10:先輩と二人きりで……
「いやー、本当に三角チョコパイは美味しいねぇ!」
「間違いないですね」
バイト終わりに。俺たちはマクド●ルドによって、一緒に三角チョコパイを店の中で食べていた。ああ、このあったかいチョコが美味しいのはもちろんだけど、それを包み込んでいるパイ生地もめっちゃ美味しい。この二つが奇跡的なコンビネーションを見せているからこそ、これは凄まじく美味しいんだろう。
「うーん、もっと食べたくなっちゃったから追加で買ってくるね。真田くんは何かいる?」
「いや、俺は大丈夫です」
「オッケー。じゃあ行ってくるねー」
先輩は軽く俺に手を振って、レジに向かっていった。それにしても土屋先輩、思っていたよりずっと大食いなんだな。三角チョコパイ以外にもハンバーガーにポテト、それにナゲットまで食べてるし。それであの美ボディなんだから、結構筋トレとかもしてるんだろう。コツとか教えてもらおうな……。
「お待たせー。いやー、やっぱり労働の後のマックは最高だね! この後もたっぷり運動するし、ご飯が捗るよ!」
「運動? やっぱり先輩、ジムとか行ってるんですか?」
「あ、えっと……う、うん! ジム行ってるよー」
「やっぱり! 何かコツとかあるんですかね、俺も鍛えてるんですけどなかなか成果が出なくて」
「なかなかすぐに結果は出ないから、根気強くやることが大切だよ。ところで真田くん、実は私、他にもっと美味しいお店知ってるんだけど……行かない? てか行こう!」
「え、まだ食べるんですか!?」
こんなに食べてるのにまだお腹が空いてる先輩に、正直俺は驚きを隠せなかった。すごいな……今度オススメの食べ放題でも紹介するか。

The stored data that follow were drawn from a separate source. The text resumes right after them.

(* Let $G=(V,E)$ be a grid graph, and let $P_G=\{(x-y,\,x+y): (x,y)\in V\}\subset\mathbb{R}^2$. Then the vertex set of $G$ can be partitioned into vertex-disjoint paths on three vertices if and only if there exists a set of $\frac{2|V|}{3}$ axis-parallel unit squares discriminating $P_G$ (in particular $|V|$ is divisible by $3$).
   Context: A grid graph is a graph whose vertex set is a finite subset of $\mathbb{Z}^2$, two vertices being adjacent iff they are at Euclidean distance $1$. An axis-parallel unit square is a closed square $[x,x+1]\times[y,y+1]\subset\mathbb{R}^2$. A set $S'$ of objects discriminates $P$ if for every $p\in P$ the set $S'_p=\{s\in S': p\in s\}$ is nonempty, and $S'_p\neq S'_q$ for all distinct $p,q\in P$. *)

From Stdlib Require Import Reals ZArith List Permutation.
Import ListNotations.
Open Scope R_scope.

(** A grid graph is given by its finite vertex set V ⊂ Z^2, represented as a
    duplicate-free list.  Two vertices are adjacent iff at Euclidean distance 1,
    i.e. |x1-x2| + |y1-y2| = 1 for integer points. *)
Definition grid_adj (u v : Z * Z) : Prop :=
  (Z.abs (fst u - fst v) + Z.abs (snd u - snd v) = 1)%Z.

Definition is_P3 (V : list (Z * Z)) (t : (Z * Z) * (Z * Z) * (Z * Z)) : Prop :=
  let '(a, b, c) := t in
  In a V /\ In b V /\ In c V /\
  a <> b /\ b <> c /\ a <> c /\ grid_adj a b /\ grid_adj b c.

(** The vertex set of G is partitioned into vertex-disjoint paths on three
    vertices: a family of P3's whose vertex lists, concatenated, form a
    permutation of V (so they are disjoint and cover V). *)
Definition P3_partition (V : list (Z * Z)) : Prop :=
  exists T : list ((Z * Z) * (Z * Z) * (Z * Z)),
    Forall (is_P3 V) T /\
    Permutation (flat_map (fun t => let '(a, b, c) := t in [a; b; c]) T) V.

(** Axis-parallel closed unit square [x,x+1]×[y,y+1], represented by its
    lower-left corner (x, y). *)
Definition in_square (s : R * R) (p : R * R) : Prop :=
  fst s <= fst p <= fst s + 1 /\ snd s <= snd p <= snd s + 1.

Definition discriminates (S : list (R * R)) (P : list (R * R)) : Prop :=
  (forall p, In p P -> exists s, In s S /\ in_square s p) /\
  (forall p q, In p P -> In q P -> p <> q ->
     exists s, In s S /\ ~ (in_square s p <-> in_square s q)).

Definition rotate_pt (v : Z * Z) : R * R :=
  (IZR (fst v - snd v), IZR (fst v + snd v)).

Definition P_of (V : list (Z * Z)) : list (R * R) := map rotate_pt V.

From Stdlib Require Import Reals ZArith List Permutation Lia Lra Bool.
Import ListNotations.

(** Rotating the grid by 45 degrees, v = (x, y) |-> (x - y, x + y), two
    vertices fit in a common closed unit square iff they are equal or adjacent,
    and no unit square contains three rotated vertices.  Hence a unit square
    "is" a vertex or an edge of G, as far as P_G is concerned.

    (=>) From a partition into paths a - b - c we take, for every path, the
    squares spanned by its two edges ab and cb: 2|V|/3 squares, each covering
    exactly its edge; they discriminate P_G because for every vertex u and
    every w <> u one of the two edges of u's path contains exactly one of them.

    (<=) Given 2|V|/3 discriminating squares, a double count of the incidences
    (each square covers <= 2 points, each point is covered, a point covered
    once -- a "leaf" -- owns its square, and distinct leaves own distinct
    squares) is tight.  So every square covers exactly one leaf and one other
    vertex, every vertex lies in one or two squares, and the vertices lying in
    two squares are the centers of the paths leaf - center - leaf that
    partition V. *)

Local Notation vertex := (Z * Z)%type.
Local Notation P3triple := (vertex * vertex * vertex)%type.

Definition zz_dec (u v : vertex) : {u = v} + {u <> v}.
Proof. decide equality; apply Z.eq_dec. Defined.

Open Scope nat_scope.

(** ** Counting on lists *)

Fixpoint sumf {A} (f : A -> nat) (l : list A) : nat :=
  match l with [] => 0 | x :: t => f x + sumf f t end.

Lemma sumf_le {A} (f g : A -> nat) (l : list A) :
  (forall x, In x l -> f x <= g x) -> sumf f l <= sumf g l.
Proof.
  induction l as [|a l IH]; simpl; intros H; [lia|].
  specialize (IH (fun x Hx => H x (or_intror Hx))). specialize (H a (or_introl eq_refl)). lia.
Qed.

Lemma sumf_le_eq {A} (f g : A -> nat) (l : list A) :
  (forall x, In x l -> f x <= g x) -> sumf f l = sumf g l ->
  forall x, In x l -> f x = g x.
Proof.
  induction l as [|a l IH]; simpl; intros H E x Hx; [contradiction|].
  assert (H1 := sumf_le f g l (fun x Hx => H x (or_intror Hx))).
  assert (H2 := H a (or_introl eq_refl)).
  destruct Hx as [<-|Hx]; [lia|]. apply IH; auto; lia.
Qed.

Lemma sumf_const {A} (c : nat) (l : list A) : sumf (fun _ => c) l = c * length l.
Proof. induction l; simpl; lia. Qed.

Lemma sumf_one_two {A} (p : A -> bool) (l : list A) :
  sumf (fun x => if p x then 1 else 2) l + length (filter p l) = 2 * length l.
Proof. induction l as [|a l IH]; simpl; auto. destruct (p a); simpl; lia. Qed.

Lemma double_count {A B} (r : A -> B -> bool) (la : list A) (lb : list B) :
  sumf (fun a => length (filter (r a) lb)) la =
  sumf (fun b => length (filter (fun a => r a b) la)) lb.
Proof.
  induction la as [|a la IH]; simpl.
  - induction lb; simpl; auto.
  - rewrite IH. clear IH. induction lb as [|b lb IHb]; simpl; auto.
    destruct (r a b); simpl; lia.
Qed.
Definition tree_wf (t : tree) : Prop :=
  (1 <= tN t)%nat /\ tpar t 0%nat = None /\
  forall v, (0 < v < tN t)%nat -> exists u, tpar t v = Some u /\ (u < v)%nat.

(* below t w v : w ⪯ v, i.e. v lies on the path from w to the root *)
Fixpoint below_fuel (t : tree) (k w v : nat) : bool :=
  Nat.eqb w v ||
  match k with
  | O => false
  | S k' => match tpar t w with Some u => below_fuel t k' u v | None => false end
  end.
Definition below (t : tree) (w v : nat) : bool := below_fuel t (S w) w v.

Definition momentum (t : tree) (v : nat) : zvec :=
  fun i => fold_right (fun w acc => (tmode t w i + acc)%Z) 0%Z
             (filter (fun w => below t w v) (nodes t)).

Definition labelled_ok (d : nat) (t : tree) : Prop :=
  (forall v, (0 < v < tN t)%nat -> ~ zvec_zero d (momentum t v)) /\
  (forall v, (v < tN t)%nat ->
     (zvec_zero d (momentum t v) -> tscale t v = (-1)%Z) /\
     (~ zvec_zero d (momentum t v) -> (0 <= tscale t v)%Z)).

Definition nodeset := nat -> Prop.

Definition in_tree (t : tree) (T : nodeset) : Prop := forall v, T v -> (v < tN t)%nat.

Definition internal_line (t : tree) (T : nodeset) (v : nat) : Prop :=
  (v < tN t)%nat /\ T v /\ exists u, tpar t v = Some u /\ T u.

Definition sub_edge (t : tree) (T : nodeset) (x y : nat) : Prop :=
  T x /\ T y /\ tpar t x = Some y.

Definition connected (t : tree) (T : nodeset) : Prop :=
  (exists v, T v) /\
  forall a b, T a -> T b -> clos_refl_sym_trans nat (sub_edge t T) a b.

Definition lines_le (t : tree) (n : Z) (T : nodeset) : Prop :=
  forall v, internal_line t T v -> (tscale t v <= n)%Z.

Definition cluster (t : tree) (n : Z) (T : nodeset) : Prop :=
  in_tree t T /\ connected t T /\ lines_le t n T /\
  (forall T', in_tree t T' -> connected t T' -> lines_le t n T' ->
     (forall v, T v -> T' v) -> forall v, T' v -> T v) /\
  (exists v, internal_line t T v /\ tscale t v = n).

Definition entering (t : tree) (T : nodeset) (w : nat) : Prop :=
  (w < tN t)%nat /\ ~ T w /\ exists u, tpar t w = Some u /\ T u.
Definition exiting (t : tree) (T : nodeset) (v : nat) : Prop :=
  (v < tN t)%nat /\ T v /\ (tpar t v = None \/ exists u, tpar t v = Some u /\ ~ T u).

Definition self_energy (d : nat) (t : tree) (T : nodeset) : Prop :=
  (exists n, cluster t n T /\
     exists w v, entering t T w /\ (forall w', entering t T w' -> w' = w) /\
                 exiting t T v /\ (forall v', exiting t T v' -> v' = v) /\
                 zvec_eq d (momentum t v) (momentum t w)) \/
  (exists v, (v < tN t)%nat /\ (forall x, T x <-> x = v) /\ zvec_zero d (tmode t v) /\
     exists w, entering t T w /\ (forall w', entering t T w' -> w' = w)).

Definition renormalised (d : nat) (t : tree) : Prop :=
  forall T : nodeset, ~ self_energy d t T.

Definition count_scale_ge (t : tree) (n : nat) : nat :=
  length (filter (fun v => Z.leb (Z.of_nat n) (tscale t v)) (nodes t)).

Definition Kval (d : nat) (t : tree) : Z :=
  fold_right (fun v acc => (znorm1 d (tmode t v) + acc)%Z) 0%Z (nodes t).

(* For a line [l] of scale at least [n], let [N(l)] and [K(l)] be the number of lines of scale at
   least [n] and the sum of the [|nu_v|] in the subtree ending in [l]. We show
   [2^(m_n) (N(l) + 1) <= 4 K(l)] by induction over the lines of scale at least [n] immediately
   preceding [l]. Since [Psi_(k+1)(x) <> 0] forces [|x| < alpha_(m_k) / 4], a nonzero [nu] with
   [|omega . nu| < alpha_(m_k) / 2] satisfies [|nu| > 2^(m_(k+1) - 1)] by the choice of [m_(k+1)].
   If nothing precedes [l], this applies to [nu_l], and [|nu_l| <= K(l)]. If exactly one line [l']
   precedes [l], renormalisation gives [nu_l <> nu_l'] (the lines in between would otherwise form
   a self-energy cluster), and it applies to [nu_l - nu_l'], the sum of the modes between [l'] and
   [l]. With two or more preceding lines the induction hypotheses leave enough room. At the root
   this gives [N_n(theta) <= 2^(2 - m_n) K(theta)]. *)

From Stdlib Require Import Reals ZArith Lra Lia List Classical Relations.
Import ListNotations.
Open Scope R_scope.

Fixpoint sumZ (l : list nat) (f : nat -> Z) : Z :=
  match l with [] => 0%Z | x :: l' => (f x + sumZ l' f)%Z end.

Section ListSums.
Local Open Scope Z_scope.

Lemma fold_right_sumZ l f : fold_right (fun x acc => f x + acc) 0 l = sumZ l f.
Proof. induction l; simpl; congruence. Qed.

Lemma sumZ_ext l f g : (forall x, In x l -> f x = g x) -> sumZ l f = sumZ l g.
Proof. induction l; simpl; intros H; auto. rewrite H, IHl; auto. Qed.

Lemma sumZ_le l f g : (forall x, In x l -> f x <= g x) -> sumZ l f <= sumZ l g.
Proof.
  induction l; simpl; intros H; [lia|].
  specialize (H a (or_introl eq_refl)) as Ha.
  specialize (IHl (fun x Hx => H x (or_intror Hx))). lia.
Qed.

Lemma sumZ_add l f g : sumZ l (fun x => f x + g x) = sumZ l f + sumZ l g.
Proof. induction l; simpl; lia. Qed.

Lemma sumZ_mul_l l c f : sumZ l (fun x => c * f x) = c * sumZ l f.
Proof. induction l; simpl; [lia|]. rewrite IHl. ring. Qed.

Lemma sumZ_const_1 l : sumZ l (fun _ => 1) = Z.of_nat (length l).
Proof. induction l; cbn [sumZ length]; rewrite ?Nat2Z.inj_succ; lia. Qed.
(* ... and at +oo, by the exponential majorant. *)
Lemma gamma_integrand_lim_oo s : 1 <= s ->
  filterlim (gamma_integrand s) at_oo (locally 0).
Proof.
  intros Hs. apply filterlim_locally. intros eps.
  set (M := exp (2 * (s - 1) ^ 2)). assert (HM : 0 < M) by apply exp_pos.
  exists (Rmax 0 (- 2 * ln (eps / M))). intros t Ht.
  pose proof (Rmax_l 0 (- 2 * ln (eps / M))). pose proof (Rmax_r 0 (- 2 * ln (eps / M))).
  assert (He : exp (- t / 2) < eps / M).
  { rewrite <- (exp_ln (eps / M)) by (apply Rdiv_lt_0_compat; [apply cond_pos | exact HM]).
    apply exp_increasing. lra. }
  assert (M * exp (- t / 2) < eps).
  { apply Rmult_lt_compat_l with (r := M) in He; [| exact HM].
    replace (M * (eps / M)) with (pos eps) in He by (field; lra). exact He. }
  pose proof (gamma_integrand_dominated s t Hs ltac:(lra)) as Hdom. fold M in Hdom.
  pose proof (gamma_integrand_pos s t). pose proof (cond_pos eps).
  apply R_ball. split; lra.
Qed.

(* The functional equation, by integrating the derivative of t^s e^(-t). *)
Lemma Gamma_succ s : 1 <= s -> Gamma (s + 1) = s * Gamma s.
Proof.
  intros Hs.
  set (D := fun t => s * gamma_integrand s t - gamma_integrand (s + 1) t).
  assert (HD : forall x, 0 < x -> Derive (gamma_integrand (s + 1)) x = D x).
  { intros x Hx. apply is_derive_unique, gamma_integrand_derive, Hx. }
  assert (Hcont : forall x, 0 < x -> continuous (Derive (gamma_integrand (s + 1))) x).
  { intros x Hx. apply continuous_ext_loc with D.
    - exists (mkposreal x Hx). intros y Hy. apply R_ball in Hy. simpl in Hy.
      symmetry. apply HD. lra.
    - apply (@continuous_minus R_UniformSpace R_AbsRing R_NormedModule).
      + apply (@continuous_scal_r R_UniformSpace R_AbsRing R_NormedModule s).
        apply gamma_integrand_continuous, Hx.
      + apply gamma_integrand_continuous, Hx. }
  assert (Hzero : is_RInt_gen D at_0 at_oo (0 - 0)).
  { apply (is_RInt_gen_ext (Derive (gamma_integrand (s + 1)))).
    - eapply filter_imp; [| exact eventually_positive_interval].
      intros [a b] [Ha Hab] x Hx. simpl in *. rewrite Rmin_left in Hx by lra.
      apply HD. lra.
    - apply is_RInt_gen_Derive.
      + eapply filter_imp; [| exact eventually_positive_interval].
        intros [a b] [Ha Hab] x Hx. simpl in *. rewrite Rmin_left in Hx by lra.
        eexists. apply gamma_integrand_derive. lra.
      + eapply filter_imp; [| exact eventually_positive_interval].
        intros [a b] [Ha Hab] x Hx. simpl in *. rewrite Rmin_left in Hx by lra.
        apply Hcont. lra.
      + apply gamma_integrand_lim_0, Hs.
      + apply gamma_integrand_lim_oo. lra. }
  assert (Hlin : is_RInt_gen D at_0 at_oo (s * Gamma s - Gamma (s + 1))).
  { exact (is_RInt_gen_minus _ _ _ _ (is_RInt_gen_scal _ s _ (Gamma_correct s Hs))
             (Gamma_correct (s + 1) ltac:(lra))). }
  pose proof (improper_integral_unique D _ _ Hzero Hlin). lra.
Qed.

Lemma gamma_integrand_square s L t :
  L ^ 2 * gamma_integrand s t - 2 * L * gamma_integrand (s + / 2) t + gamma_integrand (s + 1) t
  = gamma_integrand s t * (L - Rpower t (/ 2)) ^ 2.
Proof.
  unfold gamma_integrand.
  replace (s + / 2 - 1) with (s - 1 + / 2) by field.
  replace (s + 1 - 1) with (s - 1 + / 2 + / 2) by field.
  rewrite !Rpower_plus. ring.
Qed.

(* Cauchy-Schwarz in disguise: the quadratic form L |-> L^2 G(s) - 2 L G(s+1/2) + G(s+1)
   is the integral of a square. *)
Lemma Gamma_quadratic_nonneg s L : 1 <= s ->
  0 <= L ^ 2 * Gamma s - 2 * L * Gamma (s + / 2) + Gamma (s + 1).
Proof.
  intros Hs. assert (Hhalf : 1 <= s + / 2) by lra. assert (Hone : 1 <= s + 1) by lra.
  apply (improper_integral_nonneg (fun t =>
    L ^ 2 * gamma_integrand s t - 2 * L * gamma_integrand (s + / 2) t + gamma_integrand (s + 1) t)).
  - intros t _. rewrite gamma_integrand_square.
    apply Rmult_le_pos; [left; apply gamma_integrand_pos | apply pow2_ge_0].
  - eapply is_RInt_gen_ext; [apply filter_forall; intros; reflexivity |].
    exact (is_RInt_gen_plus _ _ _ _
      (is_RInt_gen_minus _ _ _ _ (is_RInt_gen_scal _ (L ^ 2) _ (Gamma_correct s Hs))
         (is_RInt_gen_scal _ (2 * L) _ (Gamma_correct (s + / 2) Hhalf)))
      (Gamma_correct (s + 1) Hone)).
Qed.

(* Taking L = Gamma(s+1/2)/Gamma(s) and using Gamma(s+1) = s Gamma(s). *)
Lemma Gamma_half_ratio s : 1 <= s -> (Gamma (s + / 2) / Gamma s) ^ 2 <= s.
Proof.
  intros Hs.
  pose proof (Gamma_quadratic_nonneg s 0 Hs) as H0.
  rewrite Gamma_succ in H0 by exact Hs.
  destruct (Req_dec (Gamma s) 0) as [HA | HA].
  - rewrite HA. unfold Rdiv. rewrite Rinv_0. lra.
  - assert (HApos : 0 < Gamma s) by (destruct (Rtotal_order (Gamma s) 0) as [h | [h | h]]; nra).
    pose proof (Gamma_quadratic_nonneg s (Gamma (s + / 2) / Gamma s) Hs) as HL.
    rewrite Gamma_succ in HL by exact Hs.
    replace ((Gamma (s + / 2) / Gamma s) ^ 2 * Gamma s
             - 2 * (Gamma (s + / 2) / Gamma s) * Gamma (s + / 2) + s * Gamma s)
      with (Gamma s * (s - (Gamma (s + / 2) / Gamma s) ^ 2)) in HL by (field; exact HA).
    nra.
Qed.

Lemma Series_le_of_partial (u : nat -> R) B :
  ex_series u -> (forall N, sum_n u N <= B) -> Series u <= B.
Proof.
  intros Hu HB.
  apply (is_lim_seq_le (sum_n u) (fun _ => B) (Series u) B HB);
    [exact (Series_correct u Hu) | apply is_lim_seq_const].
Qed.

Lemma Series_ge_of_partial (u : nat -> R) A :
  ex_series u -> (forall N, A <= sum_n u N) -> A <= Series u.
Proof.
  intros Hu HA.
  apply (is_lim_seq_le (fun _ => A) (sum_n u) A (Series u) HA);
    [apply is_lim_seq_const | exact (Series_correct u Hu)].
Qed.

Lemma sum_n_nonneg (u : nat -> R) N : (forall n, 0 <= u n) -> 0 <= sum_n u N.
Proof.
  intros Hu. rewrite <- (Rmult_0_r (INR (S N))), <- sum_n_const.
  apply sum_n_m_le, Hu.
Qed.

Lemma sum_telescoping_bound N :
  sum_n (fun n => 2 / ((INR n + 1) * (INR n + 2))) N = 2 - 2 / (INR N + 2).
Proof.
  induction N as [| N IH].
  - rewrite sum_O. simpl. field.
  - rewrite sum_Sn, IH, S_INR. pose proof (pos_INR N). unfold plus; simpl. field. lra.
Qed.

Lemma sum_arith_geom N : sum_n (fun n => (2 * INR n + 1) * (1 / 4) ^ n) N
  = 20 / 9 - (24 * INR N + 44) / 9 * (1 / 4) ^ S N.
Proof.
  induction N as [| N IH].
  - rewrite sum_O. simpl. field.
  - rewrite sum_Sn, IH, S_INR. unfold plus; simpl. field.
Qed.

Lemma poch_pos x n : 0 < x -> 0 < poch x n.
Proof. intros Hx. induction n as [| n IH]; simpl; [lra | pose proof (pos_INR n); nra]. Qed.

Lemma pow_diff_bound h x y m : Rabs x <= h -> Rabs y <= h -> y <= x ->
  Rabs (x ^ S m - y ^ S m) <= INR (S m) * h ^ m * (x - y).
Proof.
  intros Hx Hy Hxy. induction m as [| m IH].
  - simpl. rewrite Rabs_pos_eq; lra.
  - replace (x ^ S (S m) - y ^ S (S m)) with (x * (x ^ S m - y ^ S m) + y ^ S m * (x - y))
      by (simpl; ring).
    eapply Rle_trans; [apply Rabs_triang |]. rewrite !Rabs_mult, (Rabs_pos_eq (x - y)) by lra.
    assert (Hh : 0 <= h) by (pose proof (Rabs_pos x); lra).
    assert (Rabs (y ^ S m) <= h * h ^ m).
    { rewrite <- RPow_abs. apply (pow_incr _ _ (S m)). split; [apply Rabs_pos | exact Hy]. }
    assert (Rabs x * Rabs (x ^ S m - y ^ S m) <= h * (INR (S m) * h ^ m * (x - y))).
    { apply Rmult_le_compat; [apply Rabs_pos | apply Rabs_pos | exact Hx | exact IH]. }
    assert (Rabs (y ^ S m) * (x - y) <= h * h ^ m * (x - y)) by (apply Rmult_le_compat_r; lra).
    rewrite (S_INR (S m)). simpl (h ^ S m). nra.
Qed.

Section HypergeometricCoefficients.

Variable c : R.
Hypothesis Hc : 2 <= c.

Definition hypcoef (n : nat) : R :=
  poch (1 / 2) n * poch (1 / 2) n / (poch c n * INR (fact n)).

Lemma hyp2F1_as_series z :
  hyp2F1 (1 / 2) (1 / 2) c z = Series (fun n => hypcoef n * z ^ n).
Proof. reflexivity. Qed.

Lemma hypcoef_succ n :
  hypcoef (S n) = hypcoef n * ((1 / 2 + INR n) ^ 2 / ((c + INR n) * (INR n + 1))).
Proof.
  unfold hypcoef. simpl poch. rewrite fact_simpl, mult_INR, S_INR.
  pose proof (poch_pos c n ltac:(lra)). pose proof (pos_INR n).
  pose proof (INR_fact_lt_0 n). field. repeat split; lra.
Qed.

Lemma hypcoef_nonneg n : 0 <= hypcoef n.
Proof.
  unfold hypcoef. pose proof (poch_pos (1 / 2) n ltac:(lra)).
  pose proof (poch_pos c n ltac:(lra)). pose proof (INR_fact_lt_0 n).
  apply Rmult_le_pos; [nra | left; apply Rinv_0_lt_compat; nra].
Qed.

(* The summable majorant: since c >= 2, the ratio a_(n+1)/a_n is at most (n+1)/(n+3). *)
Lemma hypcoef_le n : hypcoef n <= 2 / ((INR n + 1) * (INR n + 2)).
Proof.
  induction n as [| n IH].
  - unfold hypcoef. simpl. lra.
  - rewrite hypcoef_succ, S_INR. pose proof (pos_INR n). pose proof (hypcoef_nonneg n).
    set (m := INR n) in *.
    assert (Hratio : (1 / 2 + m) ^ 2 / ((c + m) * (m + 1)) <= (m + 1) / (m + 3)).
    { apply Rmult_le_reg_r with ((c + m) * (m + 1) * (m + 3)); [nra |].
      field_simplify; [| lra | nra].
      assert ((1 / 2 + m) ^ 2 * (m + 3) <= (m + 1) ^ 2 * (c + m)) by nra. nra. }
    assert (0 <= (1 / 2 + m) ^ 2 / ((c + m) * (m + 1))).
    { apply Rmult_le_pos; [nra | left; apply Rinv_0_lt_compat; nra]. }
    apply Rle_trans with (2 / ((m + 1) * (m + 2)) * ((m + 1) / (m + 3))).
    + apply Rmult_le_compat; assumption.
    + right. field. lra.
Qed.

Lemma hypcoef_le_1 n : hypcoef n <= 1.
Proof.
  eapply Rle_trans; [apply hypcoef_le |]. pose proof (pos_INR n).
  apply Rmult_le_reg_r with ((INR n + 1) * (INR n + 2)); [nra |].
  field_simplify; nra.
Qed.

Lemma hyp2F1_summable z : Rabs z < 1 -> ex_series (fun n => hypcoef n * z ^ n).
Proof.
  intros Hz.
  apply (@ex_series_le R_AbsRing R_CompleteNormedModule) with (fun n => Rabs z ^ n).
  - intros n. change (Rabs (hypcoef n * z ^ n) <= Rabs z ^ n).
    rewrite Rabs_mult, RPow_abs, (Rabs_pos_eq (hypcoef n)) by apply hypcoef_nonneg.
    pose proof (hypcoef_le_1 n). pose proof (Rabs_pos (z ^ n)). nra.
  - apply ex_series_geom. rewrite Rabs_Rabsolu. exact Hz.
Qed.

「うん、メインディッシュがまだ残ってるからね。いやー、楽しみだな。それじゃあ行こっか真田くん!」
「うわぁ!」
半ば強制的に俺は先輩の手に引かれ、店の外に出た。相当ワクワクしているのか、先輩は鼻歌まじりで歩いているけど、一体俺はどこに連れていかれるのだろうか。それにメインディッシュってことは焼肉とかに連れていってくれるのかな? それともしめのラーメンとか?
「せ、先輩、どこに行くんですか?」
「んー? とってもいいところだよ。内容は……内緒」
「内緒って……教えてくださいよ!」
「それじゃあサプライズにならないじゃん! 楽しみに待っててね〜!」
サプライズ……? そんなにいいところへ連れてってくれるのか? でも大学生は高校生と違ってお金を持っているし、俺が想像しているものよりはるかにいいところに行くのか?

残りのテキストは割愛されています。